--- What is being asked ---
Your task is to copy every line of the entries that holds the word "Variables".

--- Collected data entries ---
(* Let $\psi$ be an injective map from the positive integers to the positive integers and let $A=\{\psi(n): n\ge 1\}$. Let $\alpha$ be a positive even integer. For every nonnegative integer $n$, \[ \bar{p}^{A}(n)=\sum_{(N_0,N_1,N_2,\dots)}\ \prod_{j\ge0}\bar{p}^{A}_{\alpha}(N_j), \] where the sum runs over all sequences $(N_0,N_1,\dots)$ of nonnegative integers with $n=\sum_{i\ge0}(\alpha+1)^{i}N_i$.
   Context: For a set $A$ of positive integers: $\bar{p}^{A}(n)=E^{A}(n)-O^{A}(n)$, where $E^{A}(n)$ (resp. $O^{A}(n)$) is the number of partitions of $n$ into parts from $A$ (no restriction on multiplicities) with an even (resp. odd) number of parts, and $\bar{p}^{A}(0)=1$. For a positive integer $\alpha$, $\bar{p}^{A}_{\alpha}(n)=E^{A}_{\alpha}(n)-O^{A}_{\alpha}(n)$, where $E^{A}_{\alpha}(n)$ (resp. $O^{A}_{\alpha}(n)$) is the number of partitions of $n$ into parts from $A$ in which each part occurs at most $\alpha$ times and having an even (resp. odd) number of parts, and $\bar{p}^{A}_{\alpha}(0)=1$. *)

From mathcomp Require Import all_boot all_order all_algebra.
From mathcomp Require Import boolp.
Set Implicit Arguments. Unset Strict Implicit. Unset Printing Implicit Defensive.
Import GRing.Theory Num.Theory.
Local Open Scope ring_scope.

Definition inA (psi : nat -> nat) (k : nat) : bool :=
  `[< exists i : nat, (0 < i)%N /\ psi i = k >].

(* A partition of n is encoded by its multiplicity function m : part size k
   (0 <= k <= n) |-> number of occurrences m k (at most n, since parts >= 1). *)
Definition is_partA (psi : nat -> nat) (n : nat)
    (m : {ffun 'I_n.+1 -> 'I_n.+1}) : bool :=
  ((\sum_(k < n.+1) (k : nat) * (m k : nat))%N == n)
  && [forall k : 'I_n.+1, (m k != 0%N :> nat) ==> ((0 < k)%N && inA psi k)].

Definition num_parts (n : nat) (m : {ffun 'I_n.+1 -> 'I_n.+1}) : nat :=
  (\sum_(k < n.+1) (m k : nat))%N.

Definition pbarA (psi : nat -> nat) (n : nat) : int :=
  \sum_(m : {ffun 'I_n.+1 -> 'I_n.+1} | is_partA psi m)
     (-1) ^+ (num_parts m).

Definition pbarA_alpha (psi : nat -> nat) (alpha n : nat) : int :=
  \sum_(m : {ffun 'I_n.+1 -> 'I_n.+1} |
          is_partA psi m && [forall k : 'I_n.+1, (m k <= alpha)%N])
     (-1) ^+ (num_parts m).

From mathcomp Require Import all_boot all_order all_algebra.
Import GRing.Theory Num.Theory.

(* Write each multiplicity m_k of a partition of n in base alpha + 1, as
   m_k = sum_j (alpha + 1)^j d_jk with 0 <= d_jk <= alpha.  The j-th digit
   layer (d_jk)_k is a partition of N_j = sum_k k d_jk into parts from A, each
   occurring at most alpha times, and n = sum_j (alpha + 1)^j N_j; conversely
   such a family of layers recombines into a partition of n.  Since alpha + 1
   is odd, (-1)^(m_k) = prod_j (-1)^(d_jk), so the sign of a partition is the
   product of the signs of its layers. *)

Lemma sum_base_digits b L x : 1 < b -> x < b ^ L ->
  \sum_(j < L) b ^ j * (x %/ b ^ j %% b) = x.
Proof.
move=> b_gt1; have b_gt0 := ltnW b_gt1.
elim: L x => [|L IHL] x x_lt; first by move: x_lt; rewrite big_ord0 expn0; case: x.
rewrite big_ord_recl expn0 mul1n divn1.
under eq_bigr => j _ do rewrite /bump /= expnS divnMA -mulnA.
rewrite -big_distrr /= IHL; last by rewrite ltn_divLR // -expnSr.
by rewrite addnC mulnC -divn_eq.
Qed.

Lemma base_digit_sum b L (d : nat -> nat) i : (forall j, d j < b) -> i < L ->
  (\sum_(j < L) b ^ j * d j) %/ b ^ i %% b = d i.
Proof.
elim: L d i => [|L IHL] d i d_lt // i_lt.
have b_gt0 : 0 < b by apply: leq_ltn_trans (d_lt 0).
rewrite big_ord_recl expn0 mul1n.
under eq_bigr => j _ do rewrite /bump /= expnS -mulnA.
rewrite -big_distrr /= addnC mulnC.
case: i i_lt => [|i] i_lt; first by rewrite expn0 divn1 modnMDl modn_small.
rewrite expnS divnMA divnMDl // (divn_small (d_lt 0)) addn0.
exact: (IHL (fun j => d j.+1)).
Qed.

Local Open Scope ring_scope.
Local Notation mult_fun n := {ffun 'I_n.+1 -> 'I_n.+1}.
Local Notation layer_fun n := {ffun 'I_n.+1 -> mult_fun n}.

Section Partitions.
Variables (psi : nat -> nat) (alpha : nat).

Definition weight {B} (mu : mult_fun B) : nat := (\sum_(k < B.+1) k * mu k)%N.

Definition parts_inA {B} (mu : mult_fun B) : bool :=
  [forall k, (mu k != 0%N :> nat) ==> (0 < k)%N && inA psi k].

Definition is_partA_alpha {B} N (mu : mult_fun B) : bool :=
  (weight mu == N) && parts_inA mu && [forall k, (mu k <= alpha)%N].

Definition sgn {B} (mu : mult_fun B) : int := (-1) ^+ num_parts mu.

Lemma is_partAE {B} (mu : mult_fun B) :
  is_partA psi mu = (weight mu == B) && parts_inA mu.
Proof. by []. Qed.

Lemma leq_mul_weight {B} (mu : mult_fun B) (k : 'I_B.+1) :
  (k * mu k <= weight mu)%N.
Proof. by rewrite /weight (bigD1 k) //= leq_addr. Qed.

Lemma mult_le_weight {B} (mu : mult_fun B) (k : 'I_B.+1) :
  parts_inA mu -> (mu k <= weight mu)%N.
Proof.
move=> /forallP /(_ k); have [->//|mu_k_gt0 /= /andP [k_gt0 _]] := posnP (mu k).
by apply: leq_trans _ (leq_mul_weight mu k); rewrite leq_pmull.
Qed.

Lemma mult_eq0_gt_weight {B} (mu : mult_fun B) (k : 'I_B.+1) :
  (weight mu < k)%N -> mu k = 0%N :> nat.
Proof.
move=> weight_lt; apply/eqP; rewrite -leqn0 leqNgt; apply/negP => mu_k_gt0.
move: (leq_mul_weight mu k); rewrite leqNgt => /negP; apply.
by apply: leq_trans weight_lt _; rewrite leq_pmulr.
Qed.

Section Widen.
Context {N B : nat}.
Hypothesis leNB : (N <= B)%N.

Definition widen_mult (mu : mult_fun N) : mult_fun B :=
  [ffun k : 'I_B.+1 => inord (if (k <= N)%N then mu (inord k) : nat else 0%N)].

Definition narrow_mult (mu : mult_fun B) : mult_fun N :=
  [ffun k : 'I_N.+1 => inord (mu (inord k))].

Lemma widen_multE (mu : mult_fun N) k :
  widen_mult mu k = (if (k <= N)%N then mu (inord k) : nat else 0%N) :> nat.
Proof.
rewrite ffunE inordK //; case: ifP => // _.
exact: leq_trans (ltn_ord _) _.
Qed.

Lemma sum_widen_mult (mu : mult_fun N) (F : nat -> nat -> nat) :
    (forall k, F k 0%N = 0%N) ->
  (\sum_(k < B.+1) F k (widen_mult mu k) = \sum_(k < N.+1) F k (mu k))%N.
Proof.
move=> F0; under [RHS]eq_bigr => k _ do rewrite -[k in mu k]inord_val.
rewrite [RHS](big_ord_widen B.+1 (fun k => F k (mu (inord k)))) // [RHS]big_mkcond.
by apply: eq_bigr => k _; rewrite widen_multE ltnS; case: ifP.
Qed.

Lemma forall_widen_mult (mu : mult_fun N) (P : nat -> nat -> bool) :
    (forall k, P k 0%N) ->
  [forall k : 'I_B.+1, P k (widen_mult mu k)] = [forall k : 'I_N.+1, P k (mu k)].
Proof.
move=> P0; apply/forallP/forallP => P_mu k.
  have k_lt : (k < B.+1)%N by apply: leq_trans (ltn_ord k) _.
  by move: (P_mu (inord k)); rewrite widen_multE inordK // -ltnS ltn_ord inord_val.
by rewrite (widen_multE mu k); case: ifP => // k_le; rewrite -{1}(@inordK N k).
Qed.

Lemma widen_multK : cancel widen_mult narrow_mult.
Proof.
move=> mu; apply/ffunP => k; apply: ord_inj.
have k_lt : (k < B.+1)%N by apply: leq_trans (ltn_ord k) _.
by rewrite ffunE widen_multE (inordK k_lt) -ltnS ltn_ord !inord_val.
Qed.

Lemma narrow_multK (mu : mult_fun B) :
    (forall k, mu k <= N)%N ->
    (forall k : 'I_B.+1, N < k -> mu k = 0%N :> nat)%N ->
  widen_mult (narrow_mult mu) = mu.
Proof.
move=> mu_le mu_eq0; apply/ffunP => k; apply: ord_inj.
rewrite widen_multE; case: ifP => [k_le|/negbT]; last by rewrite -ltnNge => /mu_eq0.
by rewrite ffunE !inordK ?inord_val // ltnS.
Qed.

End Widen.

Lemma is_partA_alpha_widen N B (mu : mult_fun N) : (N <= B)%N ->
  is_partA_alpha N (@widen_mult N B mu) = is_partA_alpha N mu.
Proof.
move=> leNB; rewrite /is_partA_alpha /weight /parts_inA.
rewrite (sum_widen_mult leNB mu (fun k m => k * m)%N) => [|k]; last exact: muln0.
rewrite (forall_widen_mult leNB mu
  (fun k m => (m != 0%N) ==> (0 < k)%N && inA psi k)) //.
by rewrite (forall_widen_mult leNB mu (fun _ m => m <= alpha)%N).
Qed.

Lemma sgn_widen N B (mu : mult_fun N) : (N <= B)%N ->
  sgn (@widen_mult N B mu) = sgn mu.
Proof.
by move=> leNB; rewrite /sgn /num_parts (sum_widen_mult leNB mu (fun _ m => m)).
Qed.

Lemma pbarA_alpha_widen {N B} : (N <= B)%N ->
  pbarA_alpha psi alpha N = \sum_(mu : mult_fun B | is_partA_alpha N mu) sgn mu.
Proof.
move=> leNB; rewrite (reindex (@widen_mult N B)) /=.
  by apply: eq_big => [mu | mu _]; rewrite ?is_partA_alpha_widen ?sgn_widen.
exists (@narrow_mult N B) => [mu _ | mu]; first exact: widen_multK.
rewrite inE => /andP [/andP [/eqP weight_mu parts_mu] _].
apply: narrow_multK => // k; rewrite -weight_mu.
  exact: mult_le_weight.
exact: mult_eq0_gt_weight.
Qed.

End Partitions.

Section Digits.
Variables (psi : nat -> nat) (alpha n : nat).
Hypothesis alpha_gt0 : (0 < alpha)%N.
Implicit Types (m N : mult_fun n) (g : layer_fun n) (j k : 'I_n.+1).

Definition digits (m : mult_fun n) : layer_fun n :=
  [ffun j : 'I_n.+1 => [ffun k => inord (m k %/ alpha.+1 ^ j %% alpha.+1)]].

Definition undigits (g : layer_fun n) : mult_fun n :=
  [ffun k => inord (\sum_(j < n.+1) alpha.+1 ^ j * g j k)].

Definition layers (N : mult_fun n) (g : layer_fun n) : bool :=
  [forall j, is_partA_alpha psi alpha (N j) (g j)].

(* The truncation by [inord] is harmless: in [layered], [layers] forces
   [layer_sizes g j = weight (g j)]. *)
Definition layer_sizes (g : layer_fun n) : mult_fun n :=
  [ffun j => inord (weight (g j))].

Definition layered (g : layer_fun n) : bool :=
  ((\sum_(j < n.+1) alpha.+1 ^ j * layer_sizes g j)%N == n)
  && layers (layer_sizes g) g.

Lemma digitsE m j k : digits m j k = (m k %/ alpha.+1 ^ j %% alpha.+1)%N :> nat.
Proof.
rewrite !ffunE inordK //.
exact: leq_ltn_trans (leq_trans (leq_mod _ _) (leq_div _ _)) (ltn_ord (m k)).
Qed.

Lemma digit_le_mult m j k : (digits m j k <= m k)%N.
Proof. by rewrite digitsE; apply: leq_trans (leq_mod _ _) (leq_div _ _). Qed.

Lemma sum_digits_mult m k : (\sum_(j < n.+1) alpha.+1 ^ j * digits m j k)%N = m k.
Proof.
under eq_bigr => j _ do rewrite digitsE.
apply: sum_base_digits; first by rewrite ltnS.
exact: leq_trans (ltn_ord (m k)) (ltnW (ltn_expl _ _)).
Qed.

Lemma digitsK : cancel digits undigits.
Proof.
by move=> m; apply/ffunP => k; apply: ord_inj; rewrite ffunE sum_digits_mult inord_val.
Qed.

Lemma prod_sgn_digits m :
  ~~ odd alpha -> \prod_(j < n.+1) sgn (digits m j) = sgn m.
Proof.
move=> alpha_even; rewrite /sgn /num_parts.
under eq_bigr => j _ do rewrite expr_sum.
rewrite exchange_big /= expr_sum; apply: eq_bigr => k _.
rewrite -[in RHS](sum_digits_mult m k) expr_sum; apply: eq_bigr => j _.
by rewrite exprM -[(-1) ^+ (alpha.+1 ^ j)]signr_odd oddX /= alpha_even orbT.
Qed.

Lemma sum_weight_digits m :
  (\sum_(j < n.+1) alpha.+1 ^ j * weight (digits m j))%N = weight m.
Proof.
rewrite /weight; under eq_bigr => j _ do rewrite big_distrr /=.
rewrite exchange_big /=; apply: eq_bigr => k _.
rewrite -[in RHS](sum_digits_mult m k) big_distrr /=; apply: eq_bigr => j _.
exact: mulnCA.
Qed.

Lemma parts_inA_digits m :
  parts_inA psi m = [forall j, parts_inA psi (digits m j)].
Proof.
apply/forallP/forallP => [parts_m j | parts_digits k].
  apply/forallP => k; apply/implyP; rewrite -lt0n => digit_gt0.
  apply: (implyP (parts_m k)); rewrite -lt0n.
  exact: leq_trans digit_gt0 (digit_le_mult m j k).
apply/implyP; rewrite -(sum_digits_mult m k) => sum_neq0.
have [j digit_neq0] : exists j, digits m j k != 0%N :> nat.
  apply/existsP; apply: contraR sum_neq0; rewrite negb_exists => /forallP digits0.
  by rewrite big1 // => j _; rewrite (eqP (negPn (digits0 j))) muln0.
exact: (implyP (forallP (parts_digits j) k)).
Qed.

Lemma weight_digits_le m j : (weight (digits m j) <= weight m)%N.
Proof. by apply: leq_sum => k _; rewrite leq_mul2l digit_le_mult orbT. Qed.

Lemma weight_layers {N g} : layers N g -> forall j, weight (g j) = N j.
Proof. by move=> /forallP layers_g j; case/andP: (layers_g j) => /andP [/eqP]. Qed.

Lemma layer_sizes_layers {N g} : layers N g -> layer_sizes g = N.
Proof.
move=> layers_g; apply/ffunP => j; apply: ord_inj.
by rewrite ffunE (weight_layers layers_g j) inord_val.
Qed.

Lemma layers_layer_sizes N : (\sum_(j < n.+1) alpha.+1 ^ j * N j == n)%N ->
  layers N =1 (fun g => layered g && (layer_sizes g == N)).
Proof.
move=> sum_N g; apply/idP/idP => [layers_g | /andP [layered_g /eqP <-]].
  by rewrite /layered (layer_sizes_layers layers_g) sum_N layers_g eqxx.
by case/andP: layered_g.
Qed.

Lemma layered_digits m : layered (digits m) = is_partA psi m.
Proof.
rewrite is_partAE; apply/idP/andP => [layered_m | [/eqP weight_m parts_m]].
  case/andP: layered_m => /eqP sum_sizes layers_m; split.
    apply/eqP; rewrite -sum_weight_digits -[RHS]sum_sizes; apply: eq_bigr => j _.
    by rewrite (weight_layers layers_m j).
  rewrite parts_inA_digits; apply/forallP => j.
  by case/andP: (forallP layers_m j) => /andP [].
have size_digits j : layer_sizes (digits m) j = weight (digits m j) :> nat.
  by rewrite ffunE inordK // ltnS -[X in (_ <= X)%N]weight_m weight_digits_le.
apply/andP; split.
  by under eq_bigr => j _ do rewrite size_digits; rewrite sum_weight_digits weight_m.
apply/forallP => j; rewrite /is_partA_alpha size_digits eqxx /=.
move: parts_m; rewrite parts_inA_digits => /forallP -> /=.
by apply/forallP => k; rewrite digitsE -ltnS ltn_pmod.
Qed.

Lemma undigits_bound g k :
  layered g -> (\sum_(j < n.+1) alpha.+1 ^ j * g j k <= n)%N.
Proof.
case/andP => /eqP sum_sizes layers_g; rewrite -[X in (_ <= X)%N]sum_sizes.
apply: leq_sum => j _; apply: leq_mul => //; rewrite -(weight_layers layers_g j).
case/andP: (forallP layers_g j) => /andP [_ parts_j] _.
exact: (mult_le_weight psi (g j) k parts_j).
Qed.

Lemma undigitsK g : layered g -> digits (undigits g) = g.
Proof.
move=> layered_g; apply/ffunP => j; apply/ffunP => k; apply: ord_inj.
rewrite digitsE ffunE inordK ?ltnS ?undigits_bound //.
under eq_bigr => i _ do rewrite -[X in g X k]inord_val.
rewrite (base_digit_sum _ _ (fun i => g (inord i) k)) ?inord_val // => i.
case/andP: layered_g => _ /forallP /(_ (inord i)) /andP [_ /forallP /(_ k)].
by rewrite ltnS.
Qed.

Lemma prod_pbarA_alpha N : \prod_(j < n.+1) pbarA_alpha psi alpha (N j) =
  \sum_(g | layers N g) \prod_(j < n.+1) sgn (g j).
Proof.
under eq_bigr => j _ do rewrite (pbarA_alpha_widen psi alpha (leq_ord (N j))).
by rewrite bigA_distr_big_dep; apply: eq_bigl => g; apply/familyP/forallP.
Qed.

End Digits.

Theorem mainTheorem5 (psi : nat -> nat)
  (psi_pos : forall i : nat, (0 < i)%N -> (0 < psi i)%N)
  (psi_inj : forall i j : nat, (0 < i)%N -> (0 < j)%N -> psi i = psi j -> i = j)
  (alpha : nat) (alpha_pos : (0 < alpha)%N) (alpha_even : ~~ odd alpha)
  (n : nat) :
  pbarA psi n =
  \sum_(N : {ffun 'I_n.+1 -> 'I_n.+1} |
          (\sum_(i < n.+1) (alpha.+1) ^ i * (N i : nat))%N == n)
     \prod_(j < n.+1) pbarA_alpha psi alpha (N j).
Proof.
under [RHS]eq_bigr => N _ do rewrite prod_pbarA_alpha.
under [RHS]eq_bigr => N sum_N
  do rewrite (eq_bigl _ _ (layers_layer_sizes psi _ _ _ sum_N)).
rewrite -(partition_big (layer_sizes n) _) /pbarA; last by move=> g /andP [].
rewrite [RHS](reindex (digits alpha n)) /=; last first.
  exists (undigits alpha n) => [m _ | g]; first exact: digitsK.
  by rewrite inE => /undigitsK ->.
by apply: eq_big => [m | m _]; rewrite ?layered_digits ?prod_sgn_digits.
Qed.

--- Exercise output ---
Variables (psi : nat -> nat) (alpha : nat).
Variables (psi : nat -> nat) (alpha n : nat).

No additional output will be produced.